Lisbon-based designer Sam Baron has created a set of signs made from bricks, tape and mirrors to encourage social distancing at the Museum of Art, Architecture and Technology, which reopened this week.
Baron created the series of interventions to allow visitors to the Amanda Levete-designed Museum of Art, Architecture and Technology (MAAT) in Lisbon to navigate around the building while adhering to social distancing guidelines.
"In order to aid our audiences to understand and respect also the more general rules of distancing inside our halls, we commissioned the design of a 'three-dimensional communication system' by Sam Baron," MAAT executive director Beatrice Leanza told Dezeen.
"It is an ingenious, simple yet very effective and fun solution that makes use of basic materials like bricks, mirrors and tape and populates all the spaces at strategic intersections to help people navigate the museum in respect of rules."
Baron designed the 3D signage system, which can be easily removed when restrictions are eased, as he wanted the messages displayed to have an impact.
"In partnership with Lavandaria, a fine printing design studio in Lisbon, the idea was to give a special touch to our signage system," Baron told Dezeen.
"We all wanted to have print material that has a 3D presence as the spaces are big, and at the same time to be modular to display the different informative signs."
The signage was made using a combination of red bricks, green tape and mirrors. Bricks with bright green arrows were used to mark a one-way system that has been implemented at the MAAT, and as weights to keep a series of mirrors in position.
Safety information has been printed on the mirrors in matching bright green.
"We paired the bricks with some mirror panels as a way to engage more with the visitors," explained Baron.
"In fact to see yourself reading some safety rules give a unique feeling of responsibility as it makes you feel truly concerned," he continued.
The material selection was also a nod towards the architecture of the ceramic-clad MAAT building and the adjacent Central Tejo brick power station.

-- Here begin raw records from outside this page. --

Lemma box_weight10 A kv : box_weight A 1 0 kv = ([set m | (0 < kv m)%N] == A)%:R.
Proof.
case: eqP => [<-|neqA].
  by rewrite /box_weight big1 // => i _; rewrite in_set lt0n; case: eqP.
have [i diff_i] : exists i, (i \in [set m | (0 < kv m)%N]) != (i \in A).
  by apply/existsP; rewrite -negb_forall; apply: contra_notN neqA => /forallP eqA;
     apply/setP => i; apply/eqP.
rewrite /box_weight (bigD1 i) //=; move: diff_i; rewrite in_set lt0n.
by case: (kv i == 0 :> nat); case: (i \in A) => //= _; rewrite mul0r.
Qed.

Lemma Pnk_box_weight kv : (Pnk kv)%:R = \sum_(m < n) box_weight [set m] 1 1 kv.
Proof.
rewrite /Pnk -sum1_card natr_sum big_mkcond /=; apply: eq_bigr => m _.
by rewrite box_weight1 in_set; case: ifP.
Qed.

Lemma eq_Pnk_box_weight p kv :
  (Pnk kv == p)%:R = \sum_(A : {set 'I_n} | #|A| == p) box_weight A 1 0 kv.
Proof.
under eq_bigr do rewrite box_weight10.
have [Pkv_p|Pkv_neq_p] := eqVneq (Pnk kv) p.
  rewrite (bigD1 [set m | (0 < kv m)%N]) /= ?eqxx; last by rewrite -Pkv_p.
  by rewrite big1 ?addr0 // => A /andP [_]; rewrite eq_sym => /negbTE ->.
rewrite big1 // => A /eqP cardA; case: eqP => // nonempty_A.
by case/eqP: Pkv_neq_p; rewrite /Pnk nonempty_A.
Qed.

Lemma expr_Pnk u kv : u ^+ Pnk kv = box_weight set0 1 u kv.
Proof.
rewrite /Pnk -prodr_const big_mkcond /=; apply: eq_bigr => i _.
by rewrite in_set0 in_set lt0n; case: eqP.
Qed.

Hypothesis k_gt0 : (0 < k)%N.

Lemma Expect_expr_Pnk u :
  Expect phi th (fun kv : outcome n k => u ^+ Pnk kv) =
  \sum_(p < n) ('C(n, p))%:R * u ^+ (n - p) * (1 - u) ^+ p * rho (n - p).
Proof.
rewrite (eq_Expect _ _ (expr_Pnk u)) Expect_box_weight cards0 expr0 mul1r subn0.
rewrite addrC exprDn coef_sum big_ord_recr /=.
rewrite subnn expr0 mul1r -polyC_exp coefMn coefC (gtn_eqF k_gt0) mul0rn addr0 mulr_suml.
apply: eq_bigr => p _; rewrite exprZn -polyC_exp coefMn coefMC coefZ rhoE.
by rewrite -mulr_natl /ck; ring.
Qed.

"It is also a clear references to MAAT buildings, having in one side an old electric power station made of red clay bricks and iron structures and on the other side a very contemporary white building that mirrors the river side," said Baron.
Baron aimed for the signage to be "unexpected" and welcome visitors back to the museum, not scare them.

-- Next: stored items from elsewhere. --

(* Every strong partial metric space is $T_1$: if $s$ is a strong partial metric on a set $X$ and $\mathcal{T}$ is the topology on $X$ generated by the basis of $s$-open balls $B^s_\epsilon(x)=\{y\in X\mid s(x,y)-s(x,x)<\epsilon\}$ ($x\in X$, $\epsilon>0$), then for any two distinct $x,y\in X$ there exist open sets $U,V\in\mathcal{T}$ with $x\in U$, $y\notin U$, $y\in V$, $x\notin V$.
   Context: A strong partial metric on $X$ is a function $s:X\times X\to\mathbb{R}$ such that for all $x,y,z\in X$: $s(x,x)<s(x,y)$ whenever $x\ne y$; $s(x,y)=s(y,x)$; and $s(x,y)\le s(x,z)+s(z,y)-s(z,z)$. The $s$-open balls form a basis of a topology on $X$. *)

From Stdlib Require Import Reals.
Open Scope R_scope.

Definition strong_partial_metric {X : Type} (s : X -> X -> R) : Prop :=
  (forall x y : X, x <> y -> s x x < s x y) /\
  (forall x y : X, s x y = s y x) /\
  (forall x y z : X, s x y <= s x z + s z y - s z z).

Definition sball {X : Type} (s : X -> X -> R) (x : X) (eps : R) : X -> Prop :=
  fun y => s x y - s x x < eps.

(* Open sets of the topology generated by the basis of s-open balls:
   U is open iff U is a union of balls, i.e. every point of U lies in
   some ball (with positive radius) contained in U. *)
Definition sopen {X : Type} (s : X -> X -> R) (U : X -> Prop) : Prop :=
  forall p : X, U p ->
    exists (z : X) (eps : R), 0 < eps /\ sball s z eps p /\
      (forall q : X, sball s z eps q -> U q).

(* The ball around x of radius s(x,y) - s(x,x) is open, contains x and misses
   y; the strictness axiom s(x,x) < s(x,y) makes its radius positive.  Swapping
   x and y gives the second set. *)
From Stdlib Require Import Reals Lra.
Open Scope R_scope.

Section Balls.

Variables (X : Type) (s : X -> X -> R).

Lemma sopen_sball (z : X) (eps : R) : 0 < eps -> sopen s (sball s z eps).
Proof. intros Heps p Hp; exists z, eps; auto. Qed.

Lemma sball_center (x : X) (eps : R) : 0 < eps -> sball s x eps x.
Proof. unfold sball; lra. Qed.

Lemma sball_notin (x y : X) : ~ sball s x (s x y - s x x) y.
Proof. unfold sball; lra. Qed.

Lemma separating_sball (x y : X) :
  s x x < s x y ->
  exists U : X -> Prop, sopen s U /\ U x /\ ~ U y.
Proof.
  intros Hxy.
  assert (Hrad : 0 < s x y - s x x) by lra.
  exists (sball s x (s x y - s x x)); split; [| split].
  - now apply sopen_sball.
  - now apply sball_center.
  - apply sball_notin.
Qed.

End Balls.

Theorem lemma3p12 (X : Type) (s : X -> X -> R) :
  strong_partial_metric s ->
  forall x y : X, x <> y ->
    exists U V : X -> Prop,
      sopen s U /\ sopen s V /\ U x /\ ~ U y /\ V y /\ ~ V x.
Proof.
  intros [Hstrong _] x y Hxy.
  destruct (separating_sball X s _ _ (Hstrong x y Hxy)) as [U [HU [HUx HUy]]].
  destruct (separating_sball X s _ _ (Hstrong y x (not_eq_sym Hxy))) as [V [HV [HVy HVx]]].
  exists U, V; tauto.
Qed.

"We believe that to create signage for Covid, which has been in the mind of all of us for months, it was smart to give a more human-based flavour to this project," he said.
"It is not about scaring or controlling the visitors but welcoming them back, offering them a safe way to embrace culture again and feel good in a sheltered environment such as a museum."
The signage is now in place at the MAAT museum, which reopened to the public on June 10th with a maximin capacity of 161. It reopened with a museum-wide installation designed by New York architecture studio SO-IL, along with an exhibition of its work called the Currents – Temporary Architectures by SO-IL exhibition.